What Is a Linux Namespace, Really? All 7, Explained.

TL;DR A Linux namespace wraps a global kernel resource and makes a process believe it has its own private copy. There are 7 types. Together, they are the entire reason containers exist, not Docker, not any runtime, just these kernel primitives. This post walks through all 7, with the filesystem evidence to prove each one.

Run ps aux inside a Docker container. You'll see almost nothing; just your process and maybe a handful of others. Run it on the host, and that same container process shows up with a PID somewhere in the thousands.

Same kernel. Same process. Two completely different numbers.

That's not a trick. That's not Docker doing something clever. That's the Linux kernel maintaining two separate views of the same reality, one for you, one for the container, and translating between them on every syscall. The mechanism that makes this possible is called a namespace, and it's the entire foundation of what we call a container.

Docker didn't invent this. The kernel did. Docker just learned how to ask for it.

The Mechanism First

Before we get into the 7 types, you need to understand one thing: a namespace is just a number.

Every process on your system belongs to a set of namespaces. The kernel tracks this in /proc.

Go look:

ls -la /proc/$$/ns/

Each /proc//ns/net entry references a network namespace. The number in brackets is its inode, which uniquely identifies that namespace instance.

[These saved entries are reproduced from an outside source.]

Theorem theorem4p23 (n : nat) : 1 <= n ->
  num_acute_orbits n = (2 * n ^ 3 + 3 * n ^ 2 + 9 - 6 * n) %/ 72.
Proof.
move=> _; rewrite /num_acute_orbits acute_orbits card_in_imset ?card_sorted_triplesE //.
exact: triple_orbit_inj.
Qed.
(* Let $D\ge 3$, let $n,p\ge 0$ with $n+p\ge 2$, and let $N_1,\dots,N_n,M_1,\dots,M_p\ge0$ be integers. For $P_a\in\mathcal{H}^{(D)}_{N_a}$ and $Q_b\in\mathcal{H}^{(D)}_{M_b}$ define $$I_{n,p}(P_1,\dots,P_n,\bar Q_1,\dots,\bar Q_p)=\int_{S^{D-1}}d\Omega(x)\,P_1(x)\cdots P_n(x)\,\bar Q_1(x)\cdots\bar Q_p(x),$$ where $d\Omega$ is the rotation-invariant probability measure on the unit sphere $S^{D-1}\subset\mathbb{R}^D$. Write the arguments as $F_1,\dots,F_{n+p}$ (so $F_a=P_a$ for $a\le n$ and $F_{n+b}=\bar Q_b$). Then $I_{n,p}$ is a simple intertwiner: for any two distinct positions $a\neq b$ in $\{1,\dots,n+p\}$ and all $i,j,k,l\in\{1,\dots,D\}$, $$\sum_{\text{antisym. over }(i,j,k,l)} I_{n,p}\big(F_1,\dots,X_{ij}\cdot F_a,\dots,X_{kl}\cdot F_b,\dots,F_{n+p}\big)=0,$$ i.e. $I_{n,p}(\dots,X_{[ij}\cdot F_a,\dots,X_{kl]}\cdot F_b,\dots)=0$, where $X_{ij}$ is applied in position $a$, $X_{kl}$ in position $b$, and all other arguments are unchanged.
   Context: $\mathcal{H}^{(D)}_N$ is the space of complex-valued harmonic homogeneous polynomials of degree $N$ on $\mathbb{R}^D$, a representation of $\mathrm{SO}(D)$ via $(g\cdot P)(x)=P(g^{-1}x)$. The Lie algebra generators $X_{ij}$ of $\mathfrak{so}(D)$ act on functions on $\mathbb{R}^D$ (including the complex conjugates $\bar Q$) by the differential operators $X_{ij}\cdot f=x_i\,\partial f/\partial x_j-x_j\,\partial f/\partial x_i$. $[ijkl]$ denotes total antisymmetrization over the four indices. (The $P_a$ correspond to incoming and the $Q_b$ to outgoing edges at a vertex of an $\mathrm{SO}(D)$ spin network; the displayed condition is the quantum intersection constraint.) *)

From HB Require Import structures.
From mathcomp Require Import all_boot all_order all_algebra all_fingroup.
From mathcomp Require Import mpoly.
From mathcomp Require Import all_classical all_reals all_analysis.
From mathcomp Require Import complex.
Set Implicit Arguments. Unset Strict Implicit. Unset Printing Implicit Defensive.
Import Order.TTheory GRing.Theory Num.Theory.
Local Open Scope ring_scope.
Local Open Scope classical_set_scope.
Local Open Scope complex_scope.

Processes with the same inode share the same network namespace (and thus the same network stack). Different inodes mean different network namespaces.

Three syscalls manipulate namespaces. clone() creates a new process inside a new namespace. unshare() moves the current process into a new one. setns() joins an existing namespace. When you run docker run, Docker calls clone() with namespace flags. When you run docker exec, it calls setns() to step into the container's existing namespaces. That's the whole mechanism.

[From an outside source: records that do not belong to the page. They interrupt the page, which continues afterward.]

Definition thin_svd (d K : nat) (A U : 'M[R]_(d, K)) (s : 'rV[R]_K) (V : 'M[R]_K) : Prop :=
  U^T *m U = 1%:M /\ V^T *m V = 1%:M /\ (forall i, 0 <= s 0 i) /\
  A = U *m diag_mx s *m V^T.

(* The residual rho_alpha(X) computed from a given thin SVD (U, s, V) of A_alpha(X):
   || X V Sigma V^T - A_alpha(X) ||_F  (independent of the chosen SVD). *)
Definition residual (d K : nat) (X A : 'M[R]_(d, K)) (s : 'rV[R]_K) (V : 'M[R]_K) : R :=
  frob (X *m V *m diag_mx s *m V^T - A).

End Defs.

From HB Require Import structures.
From mathcomp Require Import all_boot all_order all_algebra.
From mathcomp Require Import reals.
From mathcomp Require Import ring lra.
Import Order.TTheory GRing.Theory Num.Theory.
Local Open Scope ring_scope.
Set Implicit Arguments. Unset Strict Implicit.

(* Write X = Q D + Y, with D the sign matrix attaining d_F(X, Q), and split Y = Q E + W with
   Q^T W = 0.  Let B = Q Lam Q^T X N (Lam = Theta^2, N = diag a) be half the Euclidean gradient
   of g.  For every symmetric P the residual R = X P - A_alpha(X) satisfies
   X^T R = P - alpha I - X^T B, so both the normal part (I - X X^T) B and the skew part of
   X^T B are O(|R|).  Now
   - the normal part is -W S N with S = (D + E)^T Lam (D + E) = Lam + O(|Y|); as the lam_i a_i
     are bounded below, W = O(|R| + |Y|^2);
   - the skew part is the commutator [S - Lam, N]; as the a_i are distinct, the off-diagonal
     entries of S - Lam are O(|R|);
   - D [Lam, E] = S - Lam + O(|Y|^2); as the lam_i are distinct, the off-diagonal entries of
     E are O(|R| + |Y|^2), and the Stiefel constraint D E + E^T D = - Y^T Y bounds its diagonal.
   Hence |Y| <= C (|R| + |Y|^2), and the quadratic term is absorbed once |Y| <= delta is small. *)

Section EntrywiseBounds.
Variable R : realType.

The inode number is the namespace. If two processes share the same inode in /proc/<PID>/ns/net, they share a network stack. Not metaphorically — that's exactly how the kernel tracks it.

Now let's go through all 7.

1. UTS - The Simplest One

UTS stands for UNIX Time-sharing System, which is a legacy name that tells you nothing useful. What it actually isolates is simpler: the hostname and the NIS domain name.

When a container has a different hostname than the host, this is why. Not configuration. Not a Docker setting. An isolated UTS struct in the kernel, one per namespace, each with its own hostname.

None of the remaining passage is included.